The fight for Wisconsin's workers has given American labor a wonderful opportunity to remind the country what it owes to unionized American labor, the weekend, the 40 hour week, and paid vacation are just some of the things most Americans enjoy due to the hard work of unions in America. But there is one element of labor's legacy that is often left out and I would like to highlight because it literally saved the lives of my mother and me and allowed my late brother to age into adulthood: employer-provided group health insurance plans.
I suspect the silence on this is due, in part, to the talking point about public workers and their "Cadillac health insurance plans" and the fact that most workers in this country don't have those plans because most workers are not unionized today. That set of circumstances creates a natural division that might be wise to avoid. Let me tell you about how people who have those plans and need them actually live.
My mother and father were both United States Postal Service Employees and members of the American Postal Workers Union. That union and the greater labor organization of which it was a part fought for and won a group plan for its members, the Blue Cross and Blue Shield Federal Employee Plan, i.e. the health insurance coverage that every public worker--from the President to your mail carrier--receives for his or her hard work.
My mother happened to be a lifelong cancer survivor and sufferer of advanced rheumatoid arthritis. She couldn't lift the milk carton to fill our cereal bowls for breakfast. Most days, she would be in so much pain that she would be doubled up on my parents’ bed vomiting. However, I was born with cancerous genetic disorder and my little brother was born with a combined auto-immune deficiency disorder, which both required constant care by world renown specialists and trips to San Francisco to see them. So, she and my father went to work every single day of our childhood, to a job that required hard physical labor, to ensure we had the coverage our care required and a roof over our heads.
That coverage provided our family with the means to get me the care of one of the best pediatric neurosurgeons in the world and access to primitive forms of chemotherapy in the mid-1980s when I developed a brain tumor. It paid for my mother's steroids, painkillers, and cancer treatments. It also paid for bi-weekly hospitalizations and IV infusions that kept my dear, kind, and sweet brother alive for 18 years. That sounds like a pretty sweet deal with few downsides doesn't it? Maybe, if we sacrificed a little bit more, we wouldn't have needed that kind of plan. Let me tell you how we lived.

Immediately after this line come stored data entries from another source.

(* Let $\mathcal V$ be a finite set of nodes, $\mathcal P$ a finite set of labels, $\mathcal E$ a set of unordered pairs of nodes, and $\theta_{ip},\theta_{ij,pq}\in\mathbb R$ arbitrary. For $\vec\lambda\in\mathbb R^{\mathcal V}$, let $L(\cdot,\vec\lambda)$ be the pairwise pseudo-Boolean function $$L(\vec y,\vec\lambda)=\sum_{i\in\mathcal V}\sum_{p\in\mathcal P}\theta_{ip}y_{ip}+\sum_{\{i,j\}\in\mathcal E}\sum_{p,q\in\mathcal P}\theta_{ij,pq}y_{ip}y_{jq}+\sum_{i\in\mathcal V}\lambda_i\Big(\sum_{p\in\mathcal P}y_{ip}-1\Big)$$ of binary variables $\vec y$, and let $D_{QPBO}(\vec\lambda)$ be the optimal value of the standard LP relaxation of $\min_{\vec y}L(\vec y,\vec\lambda)$. Then $\max_{\vec\lambda\in\mathbb R^{\mathcal V}}D_{QPBO}(\vec\lambda)$ equals the optimal value of the linear program $$\min_{\vec y}\ \sum_{i\in\mathcal V}\sum_{p\in\mathcal P}\theta_{ip}y_{ip}+\sum_{\{i,j\}\in\mathcal E}\sum_{p,q\in\mathcal P}\theta_{ij,pq}y_{ij,pq}$$ subject to $y_{ip},y_{ij,pq}\in[0,1]$; $y_{ij,pq}\le y_{ip}$ and $y_{ij,pq}\le y_{jq}$ for all $\{i,j\}\in\mathcal E$, $p,q\in\mathcal P$; $y_{ij,pq}\ge y_{ip}+y_{jq}-1$ for all $\{i,j\}\in\mathcal E$, $p,q\in\mathcal P$; and $\sum_{p\in\mathcal P}y_{ip}=1$ for all $i\in\mathcal V$.
   Context: The standard LP relaxation of minimizing a pairwise pseudo-Boolean function $F(\vec y)=c+\sum_{i\in\mathcal A}a_iy_i+\sum_{\{i,j\}\in\mathcal B}b_{ij}y_iy_j$ over $\vec y\in\{0,1\}^{\mathcal A}$ (with $\mathcal B$ a set of pairs from $\mathcal A$, $c$ a constant) is: minimize $c+\sum_i a_iz_{i1}+\sum_{\{i,j\}}b_{ij}z_{ij,11}$ over nonnegative variables $z_{i1},z_{i0},z_{ij,11},z_{ij,10},z_{ij,01},z_{ij,00}$ subject to $z_{i1}+z_{i0}=1$, $z_{ij,10}+z_{ij,11}=z_{i1}$, $z_{ij,01}+z_{ij,00}=z_{i0}$, $z_{ij,01}+z_{ij,11}=z_{j1}$, $z_{ij,00}+z_{ij,10}=z_{j0}$. Here it is applied with variables $y_{ip}$ indexed by $(i,p)\in\mathcal V\times\mathcal P$ and pairs $\{(i,p),(j,q)\}$ for $\{i,j\}\in\mathcal E$. (This lower bound is the one computed by the QPBO algorithm; the method is called nonsubmodular relaxation.) *)

From HB Require Import structures.
From mathcomp Require Import all_boot all_order all_algebra.
From mathcomp Require Import all_classical all_reals.
Set Implicit Arguments. Unset Strict Implicit. Unset Printing Implicit Defensive.
Import Order.TTheory GRing.Theory Num.Theory.
Local Open Scope ring_scope.
Local Open Scope classical_set_scope.

Section Defs.
Variable R : realType.

(* ---------- Standard LP relaxation of a pairwise pseudo-Boolean function ----
   F(y) = c + sum_{u in A} a u y_u + sum_{(u,v) in B} b u v y_u y_v,
   where each unordered pair {u,v} of the pair set is listed once, as an
   ordered pair (u,v) in B.  Variables:  z u true = z_{u1}, z u false = z_{u0},
   zz u v x y = z_{uv,xy}  (x refers to u, y refers to v). *)
Definition pb_lp_feasible (A : finType) (B : {set A * A})
    (z : A -> bool -> R) (zz : A -> A -> bool -> bool -> R) : Prop :=
  (forall u x, 0 <= z u x) /\
  (forall u v x y, (u, v) \in B -> 0 <= zz u v x y) /\
  (forall u, z u true + z u false = 1) /\
  (forall u v, (u, v) \in B ->
     [/\ zz u v true false + zz u v true true = z u true,
         zz u v false true + zz u v false false = z u false,
         zz u v false true + zz u v true true = z v true &
         zz u v false false + zz u v true false = z v false]).

Definition pb_lp_objective (A : finType) (B : {set A * A})
    (c : R) (a : A -> R) (b : A -> A -> R)
    (z : A -> bool -> R) (zz : A -> A -> bool -> bool -> R) : R :=
  c + \sum_(u : A) a u * z u true
    + \sum_(uv in B) b uv.1 uv.2 * zz uv.1 uv.2 true true.

(* optimal value (the minimum; the feasible set is nonempty and compact) *)
Definition pb_lp_value (A : finType) (B : {set A * A})
    (c : R) (a : A -> R) (b : A -> A -> R) : R :=
  inf [set t : R | exists z zz, pb_lp_feasible B z zz /\
                                t = pb_lp_objective B c a b z zz].

(* ---------- The Lagrangian L(., lambda) as a pairwise pseudo-Boolean function
   on variables y_{ip}, (i,p) in V x P, with pairs {(i,p),(j,q)}, {i,j} in E.
   E is given by one orientation (i,j) of each unordered edge. *)
Definition qpbo_pairs (V P : finType) (E : {set V * V}) : {set (V * P) * (V * P)} :=
  [set uv : (V * P) * (V * P) | (uv.1.1, uv.2.1) \in E].

Definition D_QPBO (V P : finType) (E : {set V * V})
    (th1 : V -> P -> R) (th2 : V -> V -> P -> P -> R) (lam : V -> R) : R :=
  pb_lp_value (qpbo_pairs P E)
    (- \sum_(i : V) lam i)
    (fun u : V * P => th1 u.1 u.2 + lam u.1)
    (fun u v : V * P => th2 u.1 v.1 u.2 v.2).

Definition local_lp_feasible (V P : finType) (E : {set V * V})
    (y : V -> P -> R) (yy : V -> V -> P -> P -> R) : Prop :=
  (forall i p, 0 <= y i p <= 1) /\
  (forall i j p q, (i, j) \in E ->
     [/\ 0 <= yy i j p q <= 1,
         yy i j p q <= y i p, yy i j p q <= y j q &
         y i p + y j q - 1 <= yy i j p q]) /\
  (forall i, \sum_(p : P) y i p = 1).

Definition local_lp_objective (V P : finType) (E : {set V * V})
    (th1 : V -> P -> R) (th2 : V -> V -> P -> P -> R)
    (y : V -> P -> R) (yy : V -> V -> P -> P -> R) : R :=
  \sum_(i : V) \sum_(p : P) th1 i p * y i p
  + \sum_(ij in E) \sum_(p : P) \sum_(q : P) th2 ij.1 ij.2 p q * yy ij.1 ij.2 p q.

Definition local_lp_value (V P : finType) (E : {set V * V})
    (th1 : V -> P -> R) (th2 : V -> V -> P -> P -> R) : R :=
  inf [set t : R | exists y yy, local_lp_feasible E y yy /\
                                t = local_lp_objective E th1 th2 y yy].

End Defs.

From HB Require Import structures.
From mathcomp Require Import all_boot all_order all_algebra.
From mathcomp Require Import all_classical all_reals.
From mathcomp Require Import ring lra.
Set Implicit Arguments. Unset Strict Implicit. Unset Printing Implicit Defensive.
Import Order.TTheory GRing.Theory Num.Theory.
Local Open Scope ring_scope.

(* For the vector x = (y_ip, y_ij,pq) of the
   local LP, the QPBO variables of L(., lambda) are the affine expressions
     z_ip,1 = y_ip,  z_ip,0 = 1 - y_ip,  z_ij,pq,11 = y_ij,pq,  z_ij,pq,10 = y_ip - y_ij,pq,
     z_ij,pq,01 = y_jq - y_ij,pq,  z_ij,pq,00 = 1 - y_ip - y_jq + y_ij,pq,
   and the QPBO constraints say exactly that these are nonnegative.  So the QPBO LP for
   lambda is the local LP with the equations sum_p y_ip = 1 dropped and
   sum_i lambda_i (sum_p y_ip - 1) added to the objective, whence D_QPBO(lambda) is at
   most the local optimum.  Conversely, the affine Farkas lemma (proved by
   Fourier-Motzkin elimination) writes the local objective minus the local optimum as a
   nonnegative constant plus a nonnegative combination of the constraints; the
   multipliers of the two inequalities making up sum_p y_ip = 1 give a lambda for which
   every QPBO-feasible point has objective at least the local optimum. *)

Section AffineFarkas.
Variable R : realType.

Lemma sumr_indicator (I : finType) (j : I) (F : I -> R) :
  \sum_i (i == j)%:R * F i = F j.
Proof.
rewrite (bigD1 j) //= eqxx mul1r big1 ?addr0 // => i /negbTE ->; exact: mul0r.
Qed.

Lemma exists_between (L U : seq R) :
  (forall l u, l \in L -> u \in U -> l <= u) ->
  exists t, (forall l, l \in L -> l <= t) /\ (forall u, u \in U -> t <= u).
Proof.
elim: L => [|l L IH] H.
  elim: U {H} => [|u U [t [_ Ht]]]; first by exists 0.
  exists (Num.min t u); split => // w; rewrite inE => /orP[/eqP->|wU].
    by rewrite ge_min lexx orbT.
  by rewrite ge_min Ht.
have [t [Ht1 Ht2]] :
    exists t, (forall l, l \in L -> l <= t) /\ (forall u, u \in U -> t <= u).
  by apply: IH => l' u lL; apply: H; rewrite inE lL orbT.
exists (Num.max t l); split.
  move=> w; rewrite inE => /orP[/eqP->|wL]; first by rewrite le_max lexx orbT.
  by rewrite le_max Ht1.
by move=> u uU; rewrite ge_max Ht2 //= H // inE eqxx.
Qed.

Definition aff (X : Type) := ((X -> R) * R)%type.

Definition eval (X : finType) (S : {set X}) (g : aff X) (x : X -> R) : R :=
  \sum_(k in S) g.1 k * x k + g.2.

Definition comb (X : Type) (J : finType) (mu : J -> R) (g : J -> aff X) : aff X :=
  (fun k => \sum_j mu j * (g j).1 k, \sum_j mu j * (g j).2).

Lemma eval_comb (X J : finType) (S : {set X}) (mu : J -> R) g x :
  eval S (comb mu g) x = \sum_j mu j * eval S (g j) x.
Proof.
rewrite /eval /comb /=; under [RHS]eq_bigr do rewrite mulrDr mulr_sumr.
rewrite big_split /= exchange_big; congr (_ + _); apply: eq_bigr => k _.
by rewrite mulr_suml; apply: eq_bigr => j _; rewrite mulrA.
Qed.

Lemma comb_comb (X : Type) (J K : finType) (mu : K -> R) (nu : K -> J -> R)
    (g : J -> aff X) :
  comb (fun j => \sum_i mu i * nu i j) g = comb mu (fun i => comb (nu i) g).
Proof.
have combE (F : J -> R) :
    \sum_j (\sum_i mu i * nu i j) * F j = \sum_i mu i * \sum_j nu i j * F j.
  under eq_bigr do rewrite mulr_suml.
  rewrite exchange_big; apply: eq_bigr => i _; rewrite mulr_sumr.
  by apply: eq_bigr => j _; rewrite mulrA.
by rewrite /comb combE; congr pair; apply/funext => k; rewrite combE.
Qed.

Constant five hour car trips and the cost of gas, lodging, and food--on top of the normal costs of running a family of five--didn't leave us with much money. Even though my mother's grandparents let us live in my mother's childhood home, our family's net annual income for the first ten years of my life was $8,000 a year, which doesn't leave much money for keeping up a home. We had holes in the roof and hard winters. There were pans and pots on the living room floor to collect rain. The floorboards started to crack in the bathroom from water damage. We had cockroach infestations due to that and eventually rats in the walls. We couldn't afford winterized windows, so we insulated our windows with garbage bags and slept with our heads away from the windows in winter. Now, let me tell you what those "greedy union goons" did when they found out about this state of affairs.
Our mother was widely respected in Redding's General Mail Facility as one of the hardest and smartest workers on the floor. But it took a while for people to get to know here due to the fact that she was always either on the floor or in the hospital with us or as a patient. Eventually, in the mid-1990s, they found out what our home life was like. Her friends at our APWU local started to give her small gifts of money, which she used to help finance a move into a rented home with a landlord that was in good condition.
While my mother was always charitable--she always made sure we were dressed warmly in winter and started a coat drive for kids who didn't have sweaters and jackets--but had a very hard time accepting charity. She would routinely turn down offers of money from my maternal grandparents due to that. So, I asked her why she didn't have a hard time in that instance. Her answer: "We're down now, but we'll have the opportunity to stand up for them someday."
That is what the labor movement is about. It's about decent, hardworking people standing by each other in good times and bad and helping each other out. When I read or hear regular people talk about unions being 'un-American' or 'un-Christian' I have a hard time understanding that. What is more American than thinking a person who puts in an honest day's work should not live in squalor or go hungry or without a doctor? What is more Christian than lending a helping hand to a neighbor?
Today, I am a Democratic organizer and my mother and father are retired members of the APWU. We have a very simple message for the workers in Wisconsin. "We are one."